Highlights from coverage of the Sochi Winter Olympics:
IMPLAUSIBLY LIVE: We can deal with NBC's "plausibly live" format presenting competition unfolding on its tape-delayed broadcasts. It felt wrong, however, for Russian figure skating legend Evgeni Plushenko's sudden retirement because of injury before performing Thursday. The broadcast presented a pre-taped intro about Plushenko as if he were about to start skating, and then came his "surprise" withdrawal. By this point, it was already 10 hours old and the story of the day. It should have been covered in a more straightforward manner.
GETTING BACK UP: By contrast, the figure skating team of Sandra Bezic and Scott Hamilton was at its finest with the performance of American figure skater Jeremy Abbott. He took a hard fall on his hip and looked like he'd have to be helped off the ice when, almost miraculously, he got up and finished his routine. Hamilton, as is his signature, felt as if he were on the ice with Abbott and feeling his pain. Both he and Bezic properly and enthusiastically hailed Abbott's guts. Just as nice, the microphone caught Abbott's quiet aside, "Well, that really hurt," as he was coming off the ice.

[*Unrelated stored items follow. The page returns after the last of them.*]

Lemma lam_invariant t :
  lambda0 <= lam t 0 /\ 2 / (3 * (d%:R - 1)) * lam t d.-1 <= lam t 0 ^+ 2.
Proof.
have D_ge2 : 2 <= d%:R :> R by rewrite ler_nat.
have k_def : 2 / (3 * (d%:R - 1)) * (3 * (d%:R - 1)) = 2 :> R.
  by rewrite mulfVK // gt_eqF // mulr_gt0 // subr_gt0 ltr1n.
have step := invariant_step D_ge2 k_def (ltW C_gt0) lambda0_ge lambda0_ge2.
elim: t => [|t [mu_ge M_le]].
  have lam0 i : (i < d)%N -> lam 0 i = lambda0.
    by move=> id; rewrite lam_quad_form // V0 mul_scalar_mx dotZr vec_orthonormal ?eqxx ?mulr1.
  rewrite !lam0 ?pred_lt_dim //; split=> //.
  have C_sqrt_ge0 : 0 <= C * Num.sqrt lambda0 by rewrite mulr_ge0 ?sqrtr_ge0 ?ltW.
  have := sqr_growth_top D_ge2 k_def (ltW C_gt0) lambda0_ge lambda0_ge2 (le_refl _) C_sqrt_ge0.
  by rewrite mulr0 addr0.
have mu_le_M : lam t 0 <= lam t d.-1 by apply: lam_sorted; rewrite ?pred_lt_dim.
have mu_gt0 : 0 < lam t 0 by apply: lt_le_trans mu_ge; apply: lt_le_trans lambda0_ge2.
have V_psd : psd (V t).
  exact: psd_eigen (V_vec t) (vec_orthonormal t) (lam_sorted t) (V_sym t) (ltW mu_gt0).
have [om_ge0 om_le] := omega_bound V_psd.
apply: step mu_ge mu_le_M M_le om_ge0 _ (lam_min_succ mu_gt0 om_ge0) (lam_max_succ om_ge0).
apply: le_trans om_le (ler_wpM2l (ltW C_gt0) (ler_wsqrtr _)).
exact: lambda_max_le d_gt0 (V_vec t) (vec_orthonormal t) (lam_sorted t) (V_sym t).
Qed.
End Iteration.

UNIFORM CHANGE: NBC's Steve Sands had an interesting story about the United States' struggling speedskating team making an adjustment to the back of their uniforms, presumably to gain an aerodynamic edge. Then he made a reference to the Dutch press "trying to make something of it." That just raised questions that Sands frustratingly left unanswered: Was there an implication the Americans were cheating somehow? Or were they just being mocked?
UNIFORM SAG: Swedish freestyle skier Henrik Harlaut nearly left his baggy pants on the course. NBC analyst Luke Van Valin took note with a humorous jab about seeking sponsors for his undergarments.
MEDAL CEREMONY: It took a sweep of the three medals in men's freestyle skiing to remind us of something missing from NBC's broadcasts. As Thursday's prime-time show ended, the network played the event's medal ceremony as three American flags rose and the national anthem played. That's always been a nice Olympics tradition and it's a shame it is seen so infrequently now.
TWEET OF THE NIGHT: "Why has NBC not aired any of the medals ceremonies? I want to see grown men cry."